Dynamic QR codes in TYPO3 – why the resolver changes everything
The problem with regular QR codes
QR codes on printed materials have a fundamental problem: they're immutable. Anyone who encodes a URL directly into a QR code and prints it on flyers, trade show banners, or product packaging is locked in. If the target URL changes – a new campaign landing page, a domain migration, a site restructure – the QR code is worthless. Reprint everything or throw the old material away.
For one-off campaigns that's acceptable. But for anything with a longer lifespan – brochures, business cards, signage, product inserts – it's a real problem. That's exactly what led me to build a custom TYPO3 extension for this.
The solution: a stable resolver instead of a direct URL
The core principle is simple: the QR code doesn't contain the final target URL, but a short resolver URL that stays permanently stable:
/q/{uid}/{hash}
This URL never changes. What can change is the destination behind it – the target_url in the backend. An editor updates the target URL and saves – and all already-printed QR codes automatically point to the new page.

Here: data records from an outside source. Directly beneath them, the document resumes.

Lemma hdotBl u v w : hdot H (u - v) w = hdot H u w - hdot H v w.
Proof. by rewrite -scaleN1r hdotDl hdotZl mulN1r. Qed.

Lemma hdot_suml n (c : 'I_n -> R[i]) (x : 'I_n -> V) w :
  hdot H (\sum_(i < n) c i *: x i) w = \sum_(i < n) c i * hdot H (x i) w.
Proof.
apply: (big_rec2 (fun a b => hdot H a w = b)); first exact: hdot0l.
by move=> i a b _ <-; rewrite hdotDl hdotZl.
Qed.

Lemma hdot0r w : hdot H w 0 = 0.
Proof. by rewrite hdot_sym hdot0l conjc0. Qed.

Lemma hdotDr u v w : hdot H w (u + v) = hdot H w u + hdot H w v.
Proof. by rewrite hdot_sym hdotDl rmorphD /= -!hdot_sym. Qed.

Lemma hdotZr c u w : hdot H w (c *: u) = conjc c * hdot H w u.
Proof. by rewrite hdot_sym hdotZl rmorphM /= -hdot_sym. Qed.

Lemma hdot_self_real v : hdot H v v = (complex.Re (hdot H v v))%:C.
Proof.
have := hdot_sym H v v; case: (hdot H v v) => a b [] /eqP.
by rewrite -subr_eq0 opprK -mulr2n mulrn_eq0 /= => /eqP ->.
Qed.

Lemma hdot_self_gt0 v : v != 0 -> 0 < complex.Re (hdot H v v).
Proof. by move/(hdot_pos H); rewrite ltcE => /andP[]. Qed.

Lemma hdot_self_ge0 v : 0 <= complex.Re (hdot H v v).
Proof.
have [->|/hdot_self_gt0/ltW //] := eqVneq v 0.
by rewrite hdot0l.
Qed.

Lemma hnorm_ge0 v : 0 <= hnorm H v.
Proof. exact: sqrtr_ge0. Qed.

Lemma hnorm_gt0 v : v != 0 -> 0 < hnorm H v.
Proof. by move=> v0; rewrite sqrtr_gt0 hdot_self_gt0. Qed.

Lemma hnorm0 : hnorm H 0 = 0.
Proof. by rewrite /hnorm hdot0l sqrtr0. Qed.

Lemma sqr_hnorm v : hnorm H v ^+ 2 = complex.Re (hdot H v v).
Proof. by rewrite sqr_sqrtr // hdot_self_ge0. Qed.

Lemma hnorm_eq1_hdot v : hnorm H v = 1 -> hdot H v v = 1.
Proof. by move=> v1; rewrite hdot_self_real -sqr_hnorm v1 expr1n. Qed.

Lemma Re_hdot_addZ x y t :
  complex.Re (hdot H (x + t%:C *: y) (x + t%:C *: y)) =
  complex.Re (hdot H x x) + 2 * t * complex.Re (hdot H x y)
    + t ^+ 2 * complex.Re (hdot H y y).
Proof.
rewrite hdotDl !hdotDr !hdotZl !hdotZr conjc_real !ReD !Re_realM.
by rewrite (hdot_sym H x y) Re_conjc; ring.
Qed.

(* The discriminant of the nonnegative quadratic t |-> ||x + t y||^2. *)
Lemma Re_hdot_CauchySchwarz x y :
  complex.Re (hdot H x y) ^+ 2
    <= complex.Re (hdot H x x) * complex.Re (hdot H y y).
Proof.
have [->|y0] := eqVneq y 0; first by rewrite !hdot0r /= expr0n mulr0.
set a := complex.Re (hdot H x x); set p := complex.Re (hdot H x y).
set b := complex.Re (hdot H y y).
have b0 : 0 < b := hdot_self_gt0 y0.
have := mulr_ge0 (ltW b0) (hdot_self_ge0 (x + (- p / b)%:C *: y)).
rewrite Re_hdot_addZ -/a -/b -/p.
have -> : b * (a + 2 * (- p / b) * p + (- p / b) ^+ 2 * b) = a * b - p ^+ 2.
  by field; rewrite gt_eqF.
lra.
Qed.

Lemma ler_hnormD x y : hnorm H (x + y) <= hnorm H x + hnorm H y.
Proof.
rewrite -(ler_pXn2r (_ : 0 < 2)%N) ?nnegrE ?addr_ge0 ?hnorm_ge0 //.
have := Re_hdot_addZ x y 1; rewrite scale1r -!sqr_hnorm => ->.
have := Re_hdot_CauchySchwarz x y; rewrite -!sqr_hnorm.
have := hnorm_ge0 x; have := hnorm_ge0 y.
set p := complex.Re _; set a := hnorm H x; set b := hnorm H y => b0 a0 hcs.
have : p <= a * b.
  rewrite leNgt; apply/negP => hlt.
  have : 0 < (p + a * b) * (p - a * b) by rewrite mulr_gt0 ?subr_gt0 //; nra.
  nra.
nra.
Qed.

Lemma hnormZ_real t v : 0 <= t -> hnorm H (t%:C *: v) = t * hnorm H v.
Proof.
move=> t0; rewrite /hnorm hdotZl hdotZr conjc_real !Re_realM mulrA.
by rewrite sqrtrM ?mulr_ge0 // -expr2 sqrtr_sqr ger0_norm.
Qed.

Lemma hnorm_normalize v : v != 0 -> hnorm H ((hnorm H v)^-1%:C *: v) = 1.
Proof.
move=> v0; have nv0 := hnorm_gt0 v0.
by rewrite hnormZ_real ?invr_ge0 ?ltW // mulVf ?gt_eqF.
Qed.

Definition hperp (f v : V) : V := v - hdot H v f *: f.

Section UnitVector.
Variables (f : V) (f1 : hdot H f f = 1).

Lemma hdot_hperp v : hdot H (hperp f v) f = 0.
Proof. by rewrite hdotBl hdotZl f1 mulr1 subrr. Qed.

Lemma sqr_hnorm_addZ_perp c y :
  hdot H y f = 0 ->
  hnorm H (c *: f + y) ^+ 2 = complex.Re (c * conjc c) + hnorm H y ^+ 2.
Proof.
move=> yf; rewrite !sqr_hnorm hdotDl !hdotDr !hdotZl !hdotZr f1 yf.
by rewrite (hdot_sym H y f) yf conjc0 !mulr0 mulr1 addr0 add0r ReD mulrC.
Qed.

End UnitVector.

Lemma lin_indep1 v : v != 0 -> lin_indep [:: v].
Proof.
move=> v0 c /=; rewrite big_ord1 => /eqP; rewrite scaler_eq0 (negPf v0) orbF.
by move=> /eqP c0 i; rewrite (ord1 i).
Qed.

End Hermitian.

Section Dual.
Variables (R : realType) (U : vectType R[i]) (HU : herm_space U).
Variables (n : nat) (e : n.-tuple U).
Implicit Types (a : 'Hom(U, R[i]^o)) (c : 'I_n -> R[i]).

Lemma dualvecE i x : (dualvec HU e i x : R[i]) = hdot HU x (tnth e i).
Proof.
pose f (u : U) : R[i]^o := hdot HU u (tnth e i).
have f_lin : linear f by move=> a u v; rewrite /f hdot_linl.
pose fL : {linear U -> R[i]^o} := HB.pack f (GRing.isLinear.Build _ _ _ _ f f_lin).
exact: (lfunE fL x).
Qed.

How the resolver works technically
The extension registers a custom TYPO3 middleware that intercepts requests to /q/... before TYPO3 starts its normal rendering. The flow on every scan:
- Scanner opens
/q/123/1a2b3c4d - Middleware validates UID and HMAC hash
- QR record is loaded
- Scan is tracked server-side
- Middleware responds with a
302redirect totarget_url
The HMAC hash in the resolver path protects against guessing other QR UIDs. Every QR code has an individual hash that is verified server-side.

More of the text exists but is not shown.